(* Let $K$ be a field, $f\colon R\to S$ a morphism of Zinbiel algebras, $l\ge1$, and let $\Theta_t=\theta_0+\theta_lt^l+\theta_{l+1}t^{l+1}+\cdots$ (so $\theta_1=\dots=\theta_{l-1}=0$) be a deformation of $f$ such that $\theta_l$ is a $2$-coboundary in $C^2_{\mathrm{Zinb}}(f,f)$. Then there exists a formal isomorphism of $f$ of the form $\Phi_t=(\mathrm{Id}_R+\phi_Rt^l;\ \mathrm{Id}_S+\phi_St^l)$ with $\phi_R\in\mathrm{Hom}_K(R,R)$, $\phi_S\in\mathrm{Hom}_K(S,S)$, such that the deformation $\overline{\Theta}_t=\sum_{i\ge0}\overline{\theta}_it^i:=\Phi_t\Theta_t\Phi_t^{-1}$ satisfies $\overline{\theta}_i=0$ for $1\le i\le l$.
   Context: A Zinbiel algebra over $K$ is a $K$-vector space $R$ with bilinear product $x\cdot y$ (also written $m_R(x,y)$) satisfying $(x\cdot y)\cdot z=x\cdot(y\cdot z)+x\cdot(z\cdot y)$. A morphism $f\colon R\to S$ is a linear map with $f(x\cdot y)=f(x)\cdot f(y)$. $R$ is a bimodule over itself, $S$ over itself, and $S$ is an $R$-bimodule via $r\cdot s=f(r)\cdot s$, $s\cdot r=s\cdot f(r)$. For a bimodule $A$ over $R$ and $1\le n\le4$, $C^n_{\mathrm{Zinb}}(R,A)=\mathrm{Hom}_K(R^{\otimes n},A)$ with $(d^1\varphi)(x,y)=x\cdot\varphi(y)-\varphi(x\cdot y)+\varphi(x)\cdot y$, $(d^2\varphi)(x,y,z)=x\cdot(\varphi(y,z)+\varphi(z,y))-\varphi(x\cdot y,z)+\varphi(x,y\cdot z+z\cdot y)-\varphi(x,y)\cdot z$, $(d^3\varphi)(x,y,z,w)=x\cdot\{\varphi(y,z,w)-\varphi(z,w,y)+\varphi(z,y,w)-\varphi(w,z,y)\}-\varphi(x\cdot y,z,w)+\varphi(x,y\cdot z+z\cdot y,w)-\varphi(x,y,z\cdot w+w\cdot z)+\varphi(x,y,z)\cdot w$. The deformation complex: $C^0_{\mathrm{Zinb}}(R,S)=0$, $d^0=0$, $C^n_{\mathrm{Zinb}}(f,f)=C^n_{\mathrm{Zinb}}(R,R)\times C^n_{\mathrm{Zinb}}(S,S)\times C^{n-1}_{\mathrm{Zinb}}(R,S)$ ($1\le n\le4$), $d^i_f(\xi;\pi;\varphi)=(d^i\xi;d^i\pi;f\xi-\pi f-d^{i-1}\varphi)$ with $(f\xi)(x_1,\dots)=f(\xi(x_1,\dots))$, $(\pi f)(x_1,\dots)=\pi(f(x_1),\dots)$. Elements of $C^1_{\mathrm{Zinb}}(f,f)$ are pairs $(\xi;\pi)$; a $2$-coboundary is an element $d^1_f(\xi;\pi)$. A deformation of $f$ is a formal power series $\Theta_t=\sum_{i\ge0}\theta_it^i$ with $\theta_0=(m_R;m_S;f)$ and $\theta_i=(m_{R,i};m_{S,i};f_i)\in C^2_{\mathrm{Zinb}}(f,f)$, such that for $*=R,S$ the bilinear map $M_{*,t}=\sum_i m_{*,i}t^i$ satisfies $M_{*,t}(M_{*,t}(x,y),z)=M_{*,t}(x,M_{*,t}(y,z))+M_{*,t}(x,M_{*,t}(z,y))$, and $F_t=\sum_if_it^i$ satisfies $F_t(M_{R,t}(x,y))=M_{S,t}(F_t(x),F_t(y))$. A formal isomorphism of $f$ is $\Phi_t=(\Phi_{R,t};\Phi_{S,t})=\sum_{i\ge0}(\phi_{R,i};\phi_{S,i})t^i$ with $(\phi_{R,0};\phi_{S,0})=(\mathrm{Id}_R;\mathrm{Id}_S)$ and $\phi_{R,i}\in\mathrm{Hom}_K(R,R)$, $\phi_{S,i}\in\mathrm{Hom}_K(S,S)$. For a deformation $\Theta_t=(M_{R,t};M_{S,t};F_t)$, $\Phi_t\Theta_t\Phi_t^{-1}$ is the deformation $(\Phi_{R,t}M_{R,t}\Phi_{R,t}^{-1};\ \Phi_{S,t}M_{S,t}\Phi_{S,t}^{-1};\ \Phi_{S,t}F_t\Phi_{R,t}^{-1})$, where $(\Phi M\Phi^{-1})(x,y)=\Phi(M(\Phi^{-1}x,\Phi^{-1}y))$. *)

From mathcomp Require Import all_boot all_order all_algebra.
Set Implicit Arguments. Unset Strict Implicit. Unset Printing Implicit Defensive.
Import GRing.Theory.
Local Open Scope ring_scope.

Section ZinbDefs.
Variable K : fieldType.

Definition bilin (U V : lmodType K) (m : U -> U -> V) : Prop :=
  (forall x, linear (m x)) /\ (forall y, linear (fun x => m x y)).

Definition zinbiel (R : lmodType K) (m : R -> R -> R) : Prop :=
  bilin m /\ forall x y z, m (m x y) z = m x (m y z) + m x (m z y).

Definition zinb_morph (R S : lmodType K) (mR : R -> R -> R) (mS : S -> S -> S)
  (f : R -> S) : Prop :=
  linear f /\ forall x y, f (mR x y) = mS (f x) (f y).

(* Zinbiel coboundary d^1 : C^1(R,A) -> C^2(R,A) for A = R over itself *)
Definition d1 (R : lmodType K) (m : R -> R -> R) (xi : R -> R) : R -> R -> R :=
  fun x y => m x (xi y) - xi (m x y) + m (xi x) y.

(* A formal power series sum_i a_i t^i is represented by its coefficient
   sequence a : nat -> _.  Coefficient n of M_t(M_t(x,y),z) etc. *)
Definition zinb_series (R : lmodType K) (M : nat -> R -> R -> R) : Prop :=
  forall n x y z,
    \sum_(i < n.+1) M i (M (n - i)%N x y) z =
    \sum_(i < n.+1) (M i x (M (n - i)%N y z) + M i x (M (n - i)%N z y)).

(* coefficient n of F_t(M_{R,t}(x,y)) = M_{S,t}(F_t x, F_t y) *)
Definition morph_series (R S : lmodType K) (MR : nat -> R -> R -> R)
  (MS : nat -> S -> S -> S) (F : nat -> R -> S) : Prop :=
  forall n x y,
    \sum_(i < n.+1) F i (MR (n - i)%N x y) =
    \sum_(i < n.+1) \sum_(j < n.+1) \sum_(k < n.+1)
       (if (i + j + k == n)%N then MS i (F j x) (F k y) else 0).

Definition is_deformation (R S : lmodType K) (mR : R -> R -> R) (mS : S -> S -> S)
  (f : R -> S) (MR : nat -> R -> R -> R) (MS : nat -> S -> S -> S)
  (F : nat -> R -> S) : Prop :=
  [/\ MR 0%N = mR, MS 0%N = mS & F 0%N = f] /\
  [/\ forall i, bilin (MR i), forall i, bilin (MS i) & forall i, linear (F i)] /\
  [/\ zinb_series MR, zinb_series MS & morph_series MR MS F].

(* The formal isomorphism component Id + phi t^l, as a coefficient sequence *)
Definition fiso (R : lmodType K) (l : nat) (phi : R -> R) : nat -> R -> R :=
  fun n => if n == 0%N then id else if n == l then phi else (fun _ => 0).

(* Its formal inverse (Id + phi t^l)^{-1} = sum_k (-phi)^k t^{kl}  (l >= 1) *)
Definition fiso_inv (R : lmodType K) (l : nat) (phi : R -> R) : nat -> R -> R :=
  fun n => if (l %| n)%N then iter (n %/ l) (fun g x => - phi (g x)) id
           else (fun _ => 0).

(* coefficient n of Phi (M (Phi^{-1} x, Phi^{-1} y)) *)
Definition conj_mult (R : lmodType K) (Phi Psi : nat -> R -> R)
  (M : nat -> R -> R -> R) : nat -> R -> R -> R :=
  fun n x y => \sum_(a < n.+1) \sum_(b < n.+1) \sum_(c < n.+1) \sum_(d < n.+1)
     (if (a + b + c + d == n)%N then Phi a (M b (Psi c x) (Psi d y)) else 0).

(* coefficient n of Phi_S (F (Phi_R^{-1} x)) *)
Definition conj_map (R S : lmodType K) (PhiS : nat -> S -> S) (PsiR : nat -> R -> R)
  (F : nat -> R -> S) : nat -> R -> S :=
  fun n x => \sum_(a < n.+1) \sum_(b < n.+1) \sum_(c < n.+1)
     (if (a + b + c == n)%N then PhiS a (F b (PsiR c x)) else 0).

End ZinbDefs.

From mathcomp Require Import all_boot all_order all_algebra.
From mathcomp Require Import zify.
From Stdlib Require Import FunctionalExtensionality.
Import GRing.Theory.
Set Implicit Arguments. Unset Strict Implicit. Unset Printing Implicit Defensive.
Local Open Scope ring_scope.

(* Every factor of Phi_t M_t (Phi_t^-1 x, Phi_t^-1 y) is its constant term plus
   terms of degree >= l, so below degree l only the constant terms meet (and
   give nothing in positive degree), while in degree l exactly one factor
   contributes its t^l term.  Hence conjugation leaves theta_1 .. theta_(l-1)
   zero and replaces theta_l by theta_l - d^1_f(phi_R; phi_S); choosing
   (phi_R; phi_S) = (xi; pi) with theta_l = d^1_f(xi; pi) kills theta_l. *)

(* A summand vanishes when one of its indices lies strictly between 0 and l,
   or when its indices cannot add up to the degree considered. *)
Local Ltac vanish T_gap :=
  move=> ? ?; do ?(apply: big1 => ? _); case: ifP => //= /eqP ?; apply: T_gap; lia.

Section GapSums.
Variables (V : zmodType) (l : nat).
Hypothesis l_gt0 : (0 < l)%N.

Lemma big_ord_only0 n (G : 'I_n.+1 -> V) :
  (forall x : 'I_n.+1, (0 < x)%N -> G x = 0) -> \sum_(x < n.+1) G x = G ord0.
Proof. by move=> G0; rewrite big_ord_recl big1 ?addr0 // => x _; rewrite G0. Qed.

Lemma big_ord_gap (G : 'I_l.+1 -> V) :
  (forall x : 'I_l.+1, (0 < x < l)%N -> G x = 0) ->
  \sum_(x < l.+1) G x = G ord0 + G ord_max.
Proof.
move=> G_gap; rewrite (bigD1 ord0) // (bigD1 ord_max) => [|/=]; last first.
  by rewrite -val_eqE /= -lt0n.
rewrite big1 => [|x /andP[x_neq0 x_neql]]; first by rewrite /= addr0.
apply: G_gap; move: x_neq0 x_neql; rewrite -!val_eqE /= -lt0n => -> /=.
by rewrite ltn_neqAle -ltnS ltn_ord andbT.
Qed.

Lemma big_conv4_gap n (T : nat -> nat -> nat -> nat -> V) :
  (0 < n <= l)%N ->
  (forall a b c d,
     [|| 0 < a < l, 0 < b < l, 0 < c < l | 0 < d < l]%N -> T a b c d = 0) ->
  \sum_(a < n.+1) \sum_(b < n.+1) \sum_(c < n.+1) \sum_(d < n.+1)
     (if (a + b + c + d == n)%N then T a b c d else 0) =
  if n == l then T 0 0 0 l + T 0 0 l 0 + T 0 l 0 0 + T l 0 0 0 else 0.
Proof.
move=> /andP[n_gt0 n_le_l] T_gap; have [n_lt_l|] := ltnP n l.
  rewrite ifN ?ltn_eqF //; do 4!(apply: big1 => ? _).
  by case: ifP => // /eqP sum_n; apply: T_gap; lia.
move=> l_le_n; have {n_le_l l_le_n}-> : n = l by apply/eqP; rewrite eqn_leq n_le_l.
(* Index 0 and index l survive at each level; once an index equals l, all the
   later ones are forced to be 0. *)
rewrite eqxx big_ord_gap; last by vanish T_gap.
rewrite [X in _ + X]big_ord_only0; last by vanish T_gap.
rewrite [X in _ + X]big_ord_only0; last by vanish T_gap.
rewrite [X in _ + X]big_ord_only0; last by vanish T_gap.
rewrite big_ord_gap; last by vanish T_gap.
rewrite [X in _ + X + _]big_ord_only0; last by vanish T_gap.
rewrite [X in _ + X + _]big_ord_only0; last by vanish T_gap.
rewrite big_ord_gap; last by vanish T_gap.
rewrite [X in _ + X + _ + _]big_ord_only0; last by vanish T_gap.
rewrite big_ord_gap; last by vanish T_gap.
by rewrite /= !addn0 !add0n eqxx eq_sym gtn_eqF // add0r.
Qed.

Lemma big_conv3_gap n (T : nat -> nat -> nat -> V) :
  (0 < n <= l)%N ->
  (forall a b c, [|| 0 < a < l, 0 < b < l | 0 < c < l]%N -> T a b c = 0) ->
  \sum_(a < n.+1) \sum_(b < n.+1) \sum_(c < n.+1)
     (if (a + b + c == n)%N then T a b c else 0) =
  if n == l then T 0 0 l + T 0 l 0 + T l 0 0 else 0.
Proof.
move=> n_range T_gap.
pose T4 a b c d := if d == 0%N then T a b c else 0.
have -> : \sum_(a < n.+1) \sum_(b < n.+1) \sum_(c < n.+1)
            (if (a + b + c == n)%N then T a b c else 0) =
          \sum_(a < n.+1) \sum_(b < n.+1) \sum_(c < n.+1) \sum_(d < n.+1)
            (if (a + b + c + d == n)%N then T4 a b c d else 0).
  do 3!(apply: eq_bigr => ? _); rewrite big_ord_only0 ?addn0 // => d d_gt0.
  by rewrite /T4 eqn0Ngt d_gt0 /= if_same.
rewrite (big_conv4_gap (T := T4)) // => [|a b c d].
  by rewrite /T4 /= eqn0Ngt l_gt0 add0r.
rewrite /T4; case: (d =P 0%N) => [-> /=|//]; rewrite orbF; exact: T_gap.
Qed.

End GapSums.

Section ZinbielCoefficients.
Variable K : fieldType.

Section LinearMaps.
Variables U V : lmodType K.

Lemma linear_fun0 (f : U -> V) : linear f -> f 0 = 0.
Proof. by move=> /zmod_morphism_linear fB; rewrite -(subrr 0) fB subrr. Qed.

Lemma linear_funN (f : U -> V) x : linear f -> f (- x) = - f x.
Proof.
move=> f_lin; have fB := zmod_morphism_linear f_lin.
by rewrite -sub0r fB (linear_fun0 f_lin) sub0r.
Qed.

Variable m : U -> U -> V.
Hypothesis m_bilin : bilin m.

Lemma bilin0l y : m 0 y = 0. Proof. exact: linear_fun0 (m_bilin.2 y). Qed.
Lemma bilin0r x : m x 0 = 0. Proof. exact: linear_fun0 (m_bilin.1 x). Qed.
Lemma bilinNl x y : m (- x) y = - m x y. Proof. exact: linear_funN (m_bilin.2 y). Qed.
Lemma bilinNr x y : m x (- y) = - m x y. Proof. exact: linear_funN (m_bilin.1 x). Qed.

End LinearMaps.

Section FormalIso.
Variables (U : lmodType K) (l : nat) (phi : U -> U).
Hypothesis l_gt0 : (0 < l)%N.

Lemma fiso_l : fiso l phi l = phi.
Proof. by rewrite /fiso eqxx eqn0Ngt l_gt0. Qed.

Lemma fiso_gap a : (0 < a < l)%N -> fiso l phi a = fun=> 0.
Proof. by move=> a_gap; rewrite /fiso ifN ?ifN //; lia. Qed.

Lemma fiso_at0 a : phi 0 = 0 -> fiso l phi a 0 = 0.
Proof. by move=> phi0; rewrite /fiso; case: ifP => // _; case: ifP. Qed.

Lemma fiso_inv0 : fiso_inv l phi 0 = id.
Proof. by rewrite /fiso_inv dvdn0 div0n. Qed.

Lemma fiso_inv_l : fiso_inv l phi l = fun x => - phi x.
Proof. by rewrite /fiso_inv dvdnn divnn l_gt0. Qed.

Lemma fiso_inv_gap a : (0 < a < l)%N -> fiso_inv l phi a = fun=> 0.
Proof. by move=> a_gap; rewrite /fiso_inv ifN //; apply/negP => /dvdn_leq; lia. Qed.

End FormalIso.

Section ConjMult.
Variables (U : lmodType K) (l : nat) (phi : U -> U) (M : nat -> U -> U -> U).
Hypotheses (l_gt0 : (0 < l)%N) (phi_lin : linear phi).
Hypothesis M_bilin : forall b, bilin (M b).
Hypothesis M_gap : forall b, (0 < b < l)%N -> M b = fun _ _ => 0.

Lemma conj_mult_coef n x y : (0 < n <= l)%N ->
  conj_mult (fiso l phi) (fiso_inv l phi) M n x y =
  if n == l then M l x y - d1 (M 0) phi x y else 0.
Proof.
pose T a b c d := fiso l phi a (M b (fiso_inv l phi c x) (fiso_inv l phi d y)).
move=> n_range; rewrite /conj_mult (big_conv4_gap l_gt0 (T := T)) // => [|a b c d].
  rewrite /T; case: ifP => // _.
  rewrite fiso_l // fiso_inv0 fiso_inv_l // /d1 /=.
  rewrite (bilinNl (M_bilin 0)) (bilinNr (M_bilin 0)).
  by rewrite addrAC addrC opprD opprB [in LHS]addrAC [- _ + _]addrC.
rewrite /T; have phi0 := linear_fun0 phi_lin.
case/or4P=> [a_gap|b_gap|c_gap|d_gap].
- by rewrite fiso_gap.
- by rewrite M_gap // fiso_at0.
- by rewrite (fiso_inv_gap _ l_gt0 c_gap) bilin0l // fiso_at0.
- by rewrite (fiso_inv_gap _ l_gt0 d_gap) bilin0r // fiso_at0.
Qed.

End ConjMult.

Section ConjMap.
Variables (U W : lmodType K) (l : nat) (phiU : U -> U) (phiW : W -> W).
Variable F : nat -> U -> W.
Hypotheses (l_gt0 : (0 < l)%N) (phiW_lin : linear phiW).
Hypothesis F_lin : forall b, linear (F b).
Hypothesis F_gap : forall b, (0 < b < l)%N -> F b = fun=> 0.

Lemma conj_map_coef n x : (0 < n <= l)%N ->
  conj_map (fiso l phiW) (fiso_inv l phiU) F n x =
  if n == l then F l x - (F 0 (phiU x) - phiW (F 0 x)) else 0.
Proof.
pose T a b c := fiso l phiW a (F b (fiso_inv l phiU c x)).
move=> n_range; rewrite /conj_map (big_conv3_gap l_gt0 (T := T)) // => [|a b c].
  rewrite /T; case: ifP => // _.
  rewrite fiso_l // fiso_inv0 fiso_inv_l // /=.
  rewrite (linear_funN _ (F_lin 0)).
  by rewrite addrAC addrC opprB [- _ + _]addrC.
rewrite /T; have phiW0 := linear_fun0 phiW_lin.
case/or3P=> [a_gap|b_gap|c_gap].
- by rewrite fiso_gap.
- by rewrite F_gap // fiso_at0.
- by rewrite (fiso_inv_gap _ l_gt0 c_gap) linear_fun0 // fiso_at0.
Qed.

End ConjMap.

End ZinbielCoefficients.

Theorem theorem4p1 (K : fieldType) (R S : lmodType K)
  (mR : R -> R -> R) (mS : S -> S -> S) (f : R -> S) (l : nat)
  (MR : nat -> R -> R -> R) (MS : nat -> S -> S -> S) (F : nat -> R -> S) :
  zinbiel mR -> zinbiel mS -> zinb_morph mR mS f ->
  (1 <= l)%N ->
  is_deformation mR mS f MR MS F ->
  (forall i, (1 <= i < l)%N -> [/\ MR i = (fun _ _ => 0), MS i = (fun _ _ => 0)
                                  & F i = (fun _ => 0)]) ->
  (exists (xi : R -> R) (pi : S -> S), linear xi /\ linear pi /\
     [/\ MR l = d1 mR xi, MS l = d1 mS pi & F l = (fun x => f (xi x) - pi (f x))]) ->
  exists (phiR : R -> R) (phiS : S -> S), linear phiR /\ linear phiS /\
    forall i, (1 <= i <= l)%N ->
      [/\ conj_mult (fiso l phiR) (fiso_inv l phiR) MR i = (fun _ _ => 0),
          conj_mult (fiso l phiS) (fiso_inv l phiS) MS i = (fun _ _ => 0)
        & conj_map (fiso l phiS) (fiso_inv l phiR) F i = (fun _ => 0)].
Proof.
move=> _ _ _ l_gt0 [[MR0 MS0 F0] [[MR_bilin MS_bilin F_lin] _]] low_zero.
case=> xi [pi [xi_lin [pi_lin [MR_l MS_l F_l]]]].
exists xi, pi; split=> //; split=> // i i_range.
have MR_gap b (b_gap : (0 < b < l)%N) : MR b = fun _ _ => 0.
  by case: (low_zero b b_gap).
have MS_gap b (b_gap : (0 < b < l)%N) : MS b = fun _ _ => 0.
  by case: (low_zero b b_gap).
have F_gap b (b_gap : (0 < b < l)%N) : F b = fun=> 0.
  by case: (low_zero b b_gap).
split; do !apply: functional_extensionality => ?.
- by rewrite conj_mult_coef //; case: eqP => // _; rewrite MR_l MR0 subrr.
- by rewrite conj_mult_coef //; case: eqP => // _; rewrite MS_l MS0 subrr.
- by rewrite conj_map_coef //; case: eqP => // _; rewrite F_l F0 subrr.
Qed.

* * *

**Task details:**
Where a line above contains the string "indices", copy that line.

**Task answer:**
(* A summand vanishes when one of its indices lies strictly between 0 and l,
   or when its indices cannot add up to the degree considered. *)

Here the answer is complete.